But individual members of those Committees are concerned, instead, to secure promotion for their favoured candidates; and the documentation, the list of publications, and the referees' reports are no more than a basis on which to solicit support from other members of the Committee. Of course, if you are not anyone's favoured candidate, if no member of the Committee has orchestrated your application, if no one speaks up for you in Committee, you do not get promoted.

If our promotions procedure is still so fraught with bias, what have the recent reforms achieved? Principally a major increase in regulations, bureaucracy, and paper work. There has also been a large increase in the number of promotions, but that owes nothing to changes in procedure. Functionally speaking, promotion is much as it always has been.

Until the recent reforms a candidate's name was put before the Faculty Promotions Committee by the candidate's Head of Department. Candidates who were not put forward in that way did not get promoted. It is now the responsibility of each teaching officer to apply for promotion personally, but those applications are still considered by the same Faculty Promotions Committee. If a candidate is not supported in Committee by his or her own Head of Department, other members of the Committee, who will know much less about that candidate, have no grounds for intervention. So, notwithstanding that any eligible teaching officer may now apply, it remains true that candidates who are not put forward by their Head of Department do not get promoted. The iniquity of the previous procedure was that a Head of Department's choice, whose name to put forward, was entirely unregulated. It still is. Functionally speaking, promotion is still today as it always has been; those candidates who do not have the endorsement of their Head of Department do not get promoted.
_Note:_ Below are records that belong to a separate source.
(* Let two meters be coupled at times $t_1<t_2$, so that the composite state is $|\Psi\rangle=\hat T_{f,2}\,e^{-\imath g\hat A_2\otimes\hat p_2/\hbar}\,\hat T_{2,1}\,e^{-\imath g\hat A_1\otimes\hat p_1/\hbar}\,\hat T_{1,i}\,|\psi_i\rangle|\phi\rangle_1|\phi\rangle_2$, and post-select the system on $|\psi_f\rangle$, giving the two-meter state $|\Phi_f\rangle=\langle\psi_f|\Psi\rangle$. Let $\langle x_1x_2\rangle$ be the mean of $x_1x_2$ in the normalized distribution $|\langle x_1,x_2|\Phi_f\rangle|^2$ and $\langle k_1k_2\rangle$ the mean of $k_1k_2$ in the normalized distribution $|\langle k_1,k_2|\Phi_f\rangle|^2$. Then, as $g\to0$, $$\langle x_1x_2\rangle=\frac{g^2}{2}\mathrm{Re}\Big[(A_2,A_1)_w+\overline{(A_1)_w}(A_2)_w\Big]+O(g^3),$$ $$\langle k_1k_2\rangle=\frac{g^2}{8\sigma^4}\mathrm{Re}\Big[-(A_2,A_1)_w+\overline{(A_1)_w}(A_2)_w\Big]+O(g^3),$$ and consequently $$\mathrm{Re}\big[(A_2,A_1)_w\big]=\frac{1}{g^2}\Big(\langle x_1x_2\rangle-4\sigma^4\langle k_1k_2\rangle\Big)+O(g).$$
   Context: $\mathcal H$ is a finite-dimensional system Hilbert space with self-adjoint operators $\hat A_1,\hat A_2$; times $t_i<t_1<t_2<t_f$ with unitary system evolutions $\hat T_{b,a}$ satisfying $\hat T_{c,b}\hat T_{b,a}=\hat T_{c,a}$; unit vectors $|\psi_i\rangle,|\psi_f\rangle$ with $\langle\psi_f|\hat T_{f,i}|\psi_i\rangle\neq0$. Weak values: $(A_1)_w=\langle\psi_f|\hat T_{f,1}\hat A_1\hat T_{1,i}|\psi_i\rangle/\langle\psi_f|\hat T_{f,i}|\psi_i\rangle$, $(A_2)_w=\langle\psi_f|\hat T_{f,2}\hat A_2\hat T_{2,i}|\psi_i\rangle/\langle\psi_f|\hat T_{f,i}|\psi_i\rangle$, and the sequential weak value $(A_2,A_1)_w=\langle\psi_f|\hat T_{f,2}\hat A_2\hat T_{2,1}\hat A_1\hat T_{1,i}|\psi_i\rangle/\langle\psi_f|\hat T_{f,i}|\psi_i\rangle$; $\overline{z}$ denotes complex conjugation. Each meter $r=1,2$ is a particle on $\mathbb R$ with position $\hat x_r$, momentum $\hat p_r=\hbar\hat k_r=-\imath\hbar\,\partial/\partial x_r$, initially in the real Gaussian $\phi(x)=(2\pi\sigma^2)^{-1/4}e^{-x^2/(4\sigma^2)}$ ($\sigma>0$), with wave-number representation $\tilde\phi(k)=(2\sigma^2/\pi)^{1/4}e^{-k^2\sigma^2}$; meters have no free Hamiltonian; $g>0$ is the small coupling constant. *)

From Stdlib Require Import Reals Lra.
Open Scope R_scope.

Record C := mkC { Re : R ; Im : R }.
Definition C0 : C := mkC 0 0.
Definition C1 : C := mkC 1 0.
Definition RtoC (r : R) : C := mkC r 0.
Definition Cadd (z w : C) : C := mkC (Re z + Re w) (Im z + Im w).
Definition Cmul (z w : C) : C :=
  mkC (Re z * Re w - Im z * Im w) (Re z * Im w + Im z * Re w).
Definition Cconj (z : C) : C := mkC (Re z) (- Im z).
Definition Cnorm2 (z : C) : R := Re z * Re z + Im z * Im z.
Definition Cinv (z : C) : C := mkC (Re z / Cnorm2 z) (- Im z / Cnorm2 z).
Definition Cdiv (z w : C) : C := Cmul z (Cinv w).
Definition Cexpi (theta : R) : C := mkC (cos theta) (sin theta).

Fixpoint Csum (n : nat) (f : nat -> C) : C :=
  match n with O => C0 | S m => Cadd (Csum m f) (f m) end.

(* vectors / operators: only the components with indices < n are meaningful *)
Definition Vec := nat -> C.
Definition Mat := nat -> nat -> C.

Definition inner (n : nat) (u v : Vec) : C := Csum n (fun i => Cmul (Cconj (u i)) (v i)).
Definition mv (n : nat) (M : Mat) (v : Vec) : Vec := fun i => Csum n (fun j => Cmul (M i j) (v j)).
Definition mm (n : nat) (M N : Mat) : Mat := fun i k => Csum n (fun j => Cmul (M i j) (N j k)).
Definition adj (M : Mat) : Mat := fun i j => Cconj (M j i).
Definition idm : Mat := fun i j => if Nat.eqb i j then C1 else C0.
Definition vsum (n : nat) (V : nat -> Vec) : Vec := fun i => Csum n (fun j => V j i).
Definition vscale (z : C) (v : Vec) : Vec := fun i => Cmul z (v i).
Definition proj (u : Vec) : Mat := fun i j => Cmul (u i) (Cconj (u j)).

Definition unit_vec (n : nat) (v : Vec) : Prop := inner n v v = C1.
Definition self_adjoint (n : nat) (A : Mat) : Prop :=
  forall i j, (i < n)%nat -> (j < n)%nat -> A i j = Cconj (A j i).
Definition unitary (n : nat) (U : Mat) : Prop :=
  forall i j, (i < n)%nat -> (j < n)%nat ->
    mm n (adj U) U i j = idm i j /\ mm n U (adj U) i j = idm i j.

Definition spectral_decomp (n : nat) (A : Mat) (u : nat -> Vec) (a : nat -> R) : Prop :=
  (forall j k, (j < n)%nat -> (k < n)%nat -> inner n (u j) (u k) = idm j k) /\
  (forall i k, (i < n)%nat -> (k < n)%nat ->
     A i k = Csum n (fun j => Cmul (RtoC (a j)) (proj (u j) i k))).

(* T_{f,i} = T_{f,2} T_{2,1} T_{1,i}, T_{f,1} = T_{f,2} T_{2,1}, T_{2,i} = T_{2,1} T_{1,i} *)
Definition amp0 n (T1i T21 Tf2 : Mat) (pi pf : Vec) : C :=
  inner n pf (mv n Tf2 (mv n T21 (mv n T1i pi))).
Definition weak1 n (A1 T1i T21 Tf2 : Mat) (pi pf : Vec) : C :=
  Cdiv (inner n pf (mv n Tf2 (mv n T21 (mv n A1 (mv n T1i pi)))))
       (amp0 n T1i T21 Tf2 pi pf).
Definition weak2 n (A2 T1i T21 Tf2 : Mat) (pi pf : Vec) : C :=
  Cdiv (inner n pf (mv n Tf2 (mv n A2 (mv n T21 (mv n T1i pi)))))
       (amp0 n T1i T21 Tf2 pi pf).
Definition weak21 n (A1 A2 T1i T21 Tf2 : Mat) (pi pf : Vec) : C :=
  Cdiv (inner n pf (mv n Tf2 (mv n A2 (mv n T21 (mv n A1 (mv n T1i pi))))))
       (amp0 n T1i T21 Tf2 pi pf).

Definition phi (sigma x : R) : R :=
  Rpower (2 * PI * sigma ^ 2) (- / 4) * exp (- x ^ 2 / (4 * sigma ^ 2)).
Definition phit (sigma k : R) : R :=
  Rpower (2 * sigma ^ 2 / PI) (/ 4) * exp (- k ^ 2 * sigma ^ 2).

(* composite (system + two meters) states, H-valued functions of the two
   meter coordinates (positions x1 x2, or wave numbers k1 k2) *)
Definition St := R -> R -> Vec.

Definition init (f : R -> R) (psi : Vec) : St :=
  fun y1 y2 => vscale (RtoC (f y1 * f y2)) psi.
Definition applyT n (T : Mat) (Psi : St) : St := fun y1 y2 => mv n T (Psi y1 y2).

(* exp(-i g A (x) p_r / hbar) via the spectral decomposition of A:
   sum_j |u_j><u_j| (x) exp(-i g a_j p_r / hbar), where exp(-i g a p/hbar)
   translates the position wavefunction by g a, and multiplies the
   wave-number wavefunction by exp(-i g a k). *)
Definition coupleX1 n (u : nat -> Vec) (a : nat -> R) (g : R) (Psi : St) : St :=
  fun x1 x2 => vsum n (fun j => mv n (proj (u j)) (Psi (x1 - g * a j) x2)).
Definition coupleX2 n (u : nat -> Vec) (a : nat -> R) (g : R) (Psi : St) : St :=
  fun x1 x2 => vsum n (fun j => mv n (proj (u j)) (Psi x1 (x2 - g * a j))).
Definition coupleK1 n (u : nat -> Vec) (a : nat -> R) (g : R) (Psi : St) : St :=
  fun k1 k2 => vsum n (fun j => vscale (Cexpi (- g * a j * k1)) (mv n (proj (u j)) (Psi k1 k2))).
Definition coupleK2 n (u : nat -> Vec) (a : nat -> R) (g : R) (Psi : St) : St :=
  fun k1 k2 => vsum n (fun j => vscale (Cexpi (- g * a j * k2)) (mv n (proj (u j)) (Psi k1 k2))).

(* |Psi> = T_{f,2} e^{-igA2 p2} T_{2,1} e^{-igA1 p1} T_{1,i} |psi_i>|phi>|phi>,
   position representation, and |Phi_f>(x1,x2) = <psi_f|Psi(x1,x2)> *)
Definition PsiX n T1i T21 Tf2 (u1 u2 : nat -> Vec) (a1 a2 : nat -> R) sigma g (pi : Vec) : St :=
  applyT n Tf2 (coupleX2 n u2 a2 g (applyT n T21 (coupleX1 n u1 a1 g
     (applyT n T1i (init (phi sigma) pi))))).
Definition PsiK n T1i T21 Tf2 (u1 u2 : nat -> Vec) (a1 a2 : nat -> R) sigma g (pi : Vec) : St :=
  applyT n Tf2 (coupleK2 n u2 a2 g (applyT n T21 (coupleK1 n u1 a1 g
     (applyT n T1i (init (phit sigma) pi))))).
Definition postsel n (pf : Vec) (Psi : St) : R -> R -> C := fun y1 y2 => inner n pf (Psi y1 y2).

Definition is_int_R (f : R -> R) (I : R) : Prop :=
  forall eps, 0 < eps -> exists M, forall a b, M <= a -> M <= b ->
    exists pr : Riemann_integrable f (- a) b, Rabs (RiemannInt pr - I) < eps.
(* integral over R^2 (iterated: inner variable y2, outer y1) *)
Definition is_int_R2 (F : R -> R -> R) (I : R) : Prop :=
  exists G : R -> R, (forall y1, is_int_R (fun y2 => F y1 y2) (G y1)) /\ is_int_R G I.

Definition mean2 (P h : R -> R -> R) (m : R) : Prop :=
  exists N M, is_int_R2 P N /\ N <> 0 /\
    is_int_R2 (fun y1 y2 => h y1 y2 * P y1 y2) M /\ m = M / N.

(* Expanding both observables in their eigenbases, the post-selected two-meter wave
   function is a finite sum over eigenvalue histories (a1_j, a2_k) of the path
   amplitudes c_jk, weighted by displaced Gaussians in position and by phases
   e^{-i g (a1_j k1 + a2_k k2)} in wave number.  Both probability densities are
   therefore finite sums of Gaussian integrals known in closed form.  In position the
   normalization is K |amp0|^2 (1 + O(g^2)) and the x1 x2 moment is
   (g^2/4) K sum Re(conj c c') (a1_j + a1_j')(a2_k + a2_k') (1 + O(g^2)); in wave number
   the cosine and sine transforms of the Gaussian give Z^2 |amp0|^2 + O(g^2) and
   -g^2 Z2^2 sum Re(conj c c') (a1_j - a1_j')(a2_k - a2_k') + O(g^4).  These weighted
   sums are 2 Re(conj amp0 amp21) +- 2 Re(conj amp1 amp2), and Z2 = Z / (4 sigma^2)
   by an integration by parts, which gives both expansions; subtracting 4 sigma^4
   times the second from the first isolates Re (A2,A1)_w. *)

From Pilot Require Import Defs.
From Stdlib Require Import Reals Lra Lia FunctionalExtensionality ClassicalEpsilon.
From mathcomp Require all_boot all_algebra Rstruct.
From mathcomp.real_closed Require complex.
From Coquelicot Require Import Rcomplements Hierarchy Continuity Derive RInt RInt_analysis AutoDerive.
From Coquelicot Require ElemFct.
Import Pilot.Defs.
Open Scope R_scope.

(** * Complex numbers and finite sums *)

Lemma C_ext (z w : C) : Re z = Re w -> Im z = Im w -> z = w.
Proof. destruct z, w; simpl; intros; subst; reflexivity. Qed.

Ltac C_unfold := unfold Cdiv, Cinv, Cnorm2, Cadd, Cmul, Cconj, RtoC, C0, C1, Cexpi in *; cbn [Re Im] in *.
Ltac C_ring := apply C_ext; C_unfold; ring.

Fixpoint rsum (n : nat) (f : nat -> R) : R :=
  match n with O => 0 | S m => rsum m f + f m end.

Lemma Csum_ext n f g : (forall j, (j < n)%nat -> f j = g j) -> Csum n f = Csum n g.
Proof.
  induction n; simpl; intros H; auto.
  rewrite IHn, H by first [lia | intros; apply H; lia]; reflexivity.
Qed.

Lemma rsum_ext n f g : (forall j, (j < n)%nat -> f j = g j) -> rsum n f = rsum n g.
Proof.
  induction n; simpl; intros H; auto.
  rewrite IHn, H by first [lia | intros; apply H; lia]; reflexivity.
Qed.

Lemma Re_Csum n f : Re (Csum n f) = rsum n (fun j => Re (f j)).
Proof. induction n; simpl; auto. rewrite IHn; auto. Qed.

Lemma Im_Csum n f : Im (Csum n f) = rsum n (fun j => Im (f j)).
Proof. induction n; simpl; auto. rewrite IHn; auto. Qed.

Lemma Cmul_Csum_l n z f : Cmul z (Csum n f) = Csum n (fun j => Cmul z (f j)).
Proof. induction n; simpl. C_ring. rewrite <- IHn. C_ring. Qed.

Lemma Cmul_Csum_r n f z : Cmul (Csum n f) z = Csum n (fun j => Cmul (f j) z).
Proof. induction n; simpl. C_ring. rewrite <- IHn. C_ring. Qed.

Lemma Csum_comm n m (f : nat -> nat -> C) :
  Csum n (fun j => Csum m (fun k => f j k)) = Csum m (fun k => Csum n (fun j => f j k)).
Proof.
  induction n; simpl.
  - induction m; simpl; auto. rewrite <- IHm. C_ring.
  - rewrite IHn. clear IHn. induction m; simpl. C_ring. rewrite <- IHm. C_ring.
Qed.

Lemma Csum_C0 n : Csum n (fun _ => C0) = C0.
Proof. induction n; simpl; auto. rewrite IHn. C_ring. Qed.

Lemma Csum_idm n i (v : Vec) : (i < n)%nat -> Csum n (fun l => Cmul (idm i l) (v l)) = v i.
Proof.
  induction n; intros H; [lia|]. simpl. unfold idm at 2.
  destruct (Nat.eq_dec i n) as [->|ne].
  - rewrite Nat.eqb_refl, (Csum_ext _ _ (fun _ => C0)), Csum_C0. C_ring.
    intros l hl. unfold idm. replace (Nat.eqb n l) with false by (symmetry; apply Nat.eqb_neq; lia). C_ring.
  - rewrite IHn by lia. replace (Nat.eqb i n) with false by (symmetry; apply Nat.eqb_neq; lia). C_ring.
Qed.

Lemma rsum_plus n f g : rsum n (fun j => f j + g j) = rsum n f + rsum n g.
Proof. induction n; simpl. ring. rewrite IHn; ring. Qed.

Lemma rsum_scal n c f : rsum n (fun j => c * f j) = c * rsum n f.
Proof. induction n; simpl. ring. rewrite IHn; ring. Qed.

Lemma rsum_mult n m f g : rsum n f * rsum m g = rsum n (fun j => rsum m (fun k => f j * g k)).
Proof.
  induction n; simpl. ring.
  rewrite <- IHn, Rmult_plus_distr_r. f_equal. rewrite <- rsum_scal. reflexivity.
Qed.

Lemma rsum_nonneg n f : (forall j, 0 <= f j) -> 0 <= rsum n f.
Proof. intros H. induction n; simpl. lra. pose proof (H n). lra. Qed.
I have put these criticisms of promotion procedures in various ways at previous Discussions and the General Board has developed a habit of not responding. The existence of my contribution is acknowledged, of course, but that is all. On the absence of an appeal on substantive grounds (Reporter, 1998-99, pp. 171-2), the Board merely said, 'With regard to the points made by…Dr Laming…on the appeal procedure, the Board believe that this procedure has worked well.' (Reporter, 1998-99, p. 224). I dare say it has worked well in dealing with purely procedural defects; but that was not the point I made. It has not worked at all in dealing with substantive errors; the Board has seen to that. The Board's strategy in responding to criticism of its promotions procedure seems to be to make as brief a reply as it thinks it can get away with on the ground that, if it were to engage in debate on these issues, its position would rapidly become untenable.

On another occasion the Board replied, 'Since the Discussion the Regent House has decided, as the result of a ballot, how it wishes to proceed.'(Reporter, 1998-99, p. 466). That was all - so let us look at that ballot.
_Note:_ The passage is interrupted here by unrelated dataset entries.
Lemma slots_le_hops_delays t n : (hops (state_at n) t < L)%N ->
  (n <= hops (state_at n) t + \sum_(k < L) \sum_(m < n) congested (pos w t k) (state_at m))%N.
Proof.
elim: n => [//|n IH]; have [_ queue_n] := consistent_state_at n.
rewrite [state_at n.+1]/state_at iterS -/(state_at n) hops_step //.
have -> : (\sum_(k < L) \sum_(m < n.+1) congested (pos w t k) (state_at m) =
    \sum_(k < L) \sum_(m < n) congested (pos w t k) (state_at m)
    + \sum_(k < L) congested (pos w t k) (state_at n))%N.
  by rewrite -big_split; apply: eq_bigr => k _; rewrite big_ord_recr.
case: (boolP (t \in _)) => [_|waiting] hL.
  by have := IH (leq_ltn_trans (leq_addr _ _) hL); lia.
rewrite addn0 in hL *; have := congested_of_waiting queue_n hL waiting.
rewrite addnA -addn1 => here_congested; apply: leq_add; first exact: IH.
by rewrite (bigD1 (Ordinal hL)) //= here_congested.
Qed.

Theorem all_done_of_visits_le d n : (0 < M)%N ->
  (forall j, visits j <= M * d)%N -> (L * d.+1 <= n)%N -> all_done L (state_at n).
Proof.
move=> M_gt0 visits_le n_ge; apply/forallP => t; have [hops_le _] := consistent_state_at n.
rewrite eqn_leq hops_le leqNgt /=; apply/negP => /[dup] hL /slots_le_hops_delays.
have delays : (\sum_(k < L) \sum_(m < n) congested (pos w t k) (state_at m) <= L * d)%N.
  rewrite -[X in (_ <= X * d)%N]card_ord -sum_nat_const.
  by apply: leq_sum => k _; apply: congested_slots_le.
lia.
Qed.
End Dissemination.

Local Open Scope ring_scope.

Lemma sum_tupleS (V : nmodType) (T : finType) n (F : n.+1.-tuple T -> V) :
  \sum_p F p = \sum_x \sum_(q : n.-tuple T) F [tuple of x :: q].
Proof.
rewrite pair_big /= (reindex (fun u : T * n.-tuple T => [tuple of u.1 :: u.2])) //=.
exists (fun p : n.+1.-tuple T => (thead p, [tuple of behead p])) => [[x q] _|p _].
  by rewrite theadE; congr pair; apply: val_inj.
by rewrite [in RHS](tuple_eta p); apply: val_inj.
Qed.

Lemma sum_natr_eq_mul (R : pzSemiRingType) (I : finType) (i : I) (f : I -> R) :
  \sum_j (i == j)%:R * f j = f i.
Proof.
rewrite (bigD1 i) //= eqxx mul1r big1 ?addr0 // => j /negbTE.
by rewrite eq_sym => ->; rewrite mul0r.
Qed.

Lemma expR_le1D2x (R : realType) (x : R) : 0 <= x -> x <= 2^-1 -> expR x <= 1 + 2 * x.
Proof.
move=> x_ge0 x_le; have := expR_ge1Dx (- x); have := expR_gt0 x.
have : expR x * expR (- x) = 1 by rewrite -expRD subrr expR0.
nra.
Qed.

Lemma ln_natr_ge0 (R : realType) (n : nat) : 0 <= ln (n%:R : R).
Proof. by case: n => [|n]; [rewrite ln0 | apply: ln_ge0; rewrite ler1n]. Qed.

Lemma natr_mul_expRN_le (R : realType) (n : nat) (a m : R) :
  3 / 2 <= a -> a * ln n%:R <= m -> n%:R * expR (- m) <= (n%:R `^ (a / 3))^-1.
Proof.
move=> a_ge am; have [->|n_gt0] := posnP n; first by rewrite mul0r invr_ge0 powR_ge0.
have n_gt0R : (0 : R) < n%:R by rewrite ltr0n.
rewrite /powR gt_eqF // -expRN -{1}(lnK n_gt0R) -expRD ler_expR.
by have := ln_natr_ge0 R n; nra.
Qed.

Lemma slots_le_truncn (R : realType) (L : nat) (c x : R) : (0 < L)%N -> L%:R <= c * x ->
  (L * (4 * L).+1 <= Num.truncn ((5 * c ^+ 2 + 1) * x ^+ 2))%N.
Proof.
move=> L_gt0 L_le; have L_ge1 : (1 : R) <= L%:R by rewrite ler1n.
have := sqr_ge0 c; have := sqr_ge0 x; rewrite !expr2 => x2_ge0 c2_ge0.
rewrite truncn_ge_nat; last by nra.
rewrite -addn1 natrM natrD natrM; nra.
Qed.

Section MetropolisHastings.
Variables (T : finType) (e : rel T) (R : realType).
Hypotheses (e_sym : symmetric e) (e_irr : irreflexive e).

Local Notation Psi := (Psi e R).
Local Notation walkprob := (walkprob e R).

Lemma Psi_ge0 i j : 0 <= Psi i j.
Proof.
rewrite /Psi; case: (e i j); first by rewrite le_min !invr_ge0 !ler0n.
case: eqP => // _; rewrite subr_ge0.
apply: le_trans (_ : \sum_(k in nbrs e i) (deg e i)%:R^-1 <= 1).
  by apply: ler_sum => k _; rewrite ge_min lexx.
rewrite sumr_const /deg; case: #|_| => [|n]; first by rewrite mulr0n.
by rewrite -[_ *+ n.+1]mulr_natl mulfV ?pnatr_eq0.
Qed.

Lemma sum_Psi_row i : \sum_j Psi i j = 1.
Proof.
rewrite (bigID (e i)) /= [X in _ + X](bigD1 i) ?e_irr //=.
rewrite [X in Psi i i + X]big1 ?addr0; last first.
  by move=> j /andP[/negbTE eij /negbTE ij]; rewrite /Defs.Psi eij eq_sym ij.
have -> : \sum_(j | e i j) Psi i j =
          \sum_(j in nbrs e i) Num.min (deg e i)%:R^-1 (deg e j)%:R^-1.
  by apply: eq_big => [j|j eij]; rewrite /Defs.Psi ?eij // /nbrs inE.
by rewrite [Psi i i]/Defs.Psi e_irr eqxx addrC subrK.
Qed.

Lemma Psi_sym i j : Psi i j = Psi j i.
Proof.
rewrite /Defs.Psi e_sym eq_sym; case: (e j i); first by rewrite minC.
by case: eqP => // ->.
Qed.

Lemma sum_Psi_col j : \sum_i Psi i j = 1.
Proof. by rewrite -(sum_Psi_row j); apply: eq_bigr => i _; rewrite Psi_sym. Qed.

Lemma sum_walkprob_col k j : \sum_i walkprob k i j = 1.
Proof.
elim: k j => [|k IH] j /=.
  by rewrite (bigD1 j) //= eqxx big1 ?addr0 // => i /negbTE ->.
rewrite exchange_big /= -(IH j); apply: eq_bigr => m _.
by rewrite -mulr_suml sum_Psi_col mul1r.
Qed.

Definition path_pos n (i : T) (p : n.-tuple T) (k : nat) : T :=
  if k is k'.+1 then nth i p k' else i.

Definition path_weight n (i : T) (p : n.-tuple T) : R :=
  \prod_(k < n) Psi (path_pos i p k) (path_pos i p k.+1).

Lemma path_weight_ge0 n i (p : n.-tuple T) : 0 <= path_weight i p.
Proof. by apply: prodr_ge0 => k _; apply: Psi_ge0. Qed.

Lemma path_pos_cons n i x (q : n.-tuple T) k : (k <= n)%N ->
  path_pos i [tuple of x :: q] k.+1 = path_pos x q k.
Proof. by case: k => [|k] //= k_lt; apply: set_nth_default; rewrite size_tuple. Qed.

Lemma path_weight_cons n i x (q : n.-tuple T) :
  path_weight i [tuple of x :: q] = Psi i x * path_weight x q.
Proof.
rewrite /path_weight big_ord_recl; congr (_ * _); apply: eq_bigr => k _.
by rewrite lift0 !path_pos_cons // ltnW.
Qed.

Lemma sum_path_weight n i : \sum_(q : n.-tuple T) path_weight i q = 1.
Proof.
elim: n i => [|n IH] i.
  rewrite (big_pred1 [tuple]) => [|q]; last by rewrite [q]tuple0 /= eqxx.
  by rewrite /path_weight big_ord0.
rewrite sum_tupleS -[RHS](sum_Psi_row i); apply: eq_bigr => x _.
by under eq_bigr do rewrite path_weight_cons; rewrite -mulr_sumr IH mulr1.
Qed.

Lemma sum_path_weight_pos n i k (f : T -> R) : (k <= n)%N ->
  \sum_(q : n.-tuple T) path_weight i q * f (path_pos i q k) = \sum_j walkprob k i j * f j.
Proof.
have pos0 m x : \sum_(q : m.-tuple T) path_weight x q * f (path_pos x q 0) =
                \sum_j walkprob 0 x j * f j.
  by rewrite /= -mulr_suml sum_path_weight mul1r sum_natr_eq_mul.
elim: n i k => [|n IH] i [|k] k_le; rewrite ?pos0 // sum_tupleS.
under eq_bigr do under eq_bigr do rewrite path_weight_cons path_pos_cons // -mulrA.
under eq_bigr do rewrite -mulr_sumr IH //.
under eq_bigr do rewrite mulr_sumr.
rewrite exchange_big /=; apply: eq_bigr => j _.
by rewrite mulr_suml; apply: eq_bigr => x _; rewrite mulrA.
Qed.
It needs to be understood that the promotion procedure is biased for everyone. For some people that bias is sufficient to keep them permanently from being promoted, but for others it hastens promotion, working in the opposite direction. So when it comes to a ballot:

(i) Those already promoted, who have benefited from a favourable bias in their Faculty Promotions Committee, will, most of them, think that the present arrangements are just fine.

(ii) And there will be others, not yet promoted, but who expect to benefit in due course, when it comes to Buggins's turn. They will, many of them, go along with existing procedures and, certainly, they will reason that overt protest now will jeopardize their chances of promotion later.

What this means is that votes for existing procedures can, in a certain sense, be bought, either by promotion itself or by an implied promise for the future. And legitimate protest is easily suppressed.

Mr Deputy Vice-Chancellor, the ultimate defect of our newly-revised promotion procedures is that promotion remains in the gift of a semi-permanent body of managers, as it always has been. While these managers are expert in their own fields of work, they are not expert in the fields of most of the candidates who come before them. If you are not expert in the field, then you are unable to appreciate the force of a referee's report, or how important is the work that an applicant has accomplished. The consequence is that our Faculty Promotions Committees are systematically under-informed. In default of adequate information, the question whose names shall go forward to the General Board's Committee is determined by considerations extraneous to the documentation - that is, by the bias of the Committee. Such a committee tends to put forward for promotion candidates in its own image. While that way of proceeding is convenient for the managers, it is not good for the University. It stifles innovation and, especially, interdisciplinary research.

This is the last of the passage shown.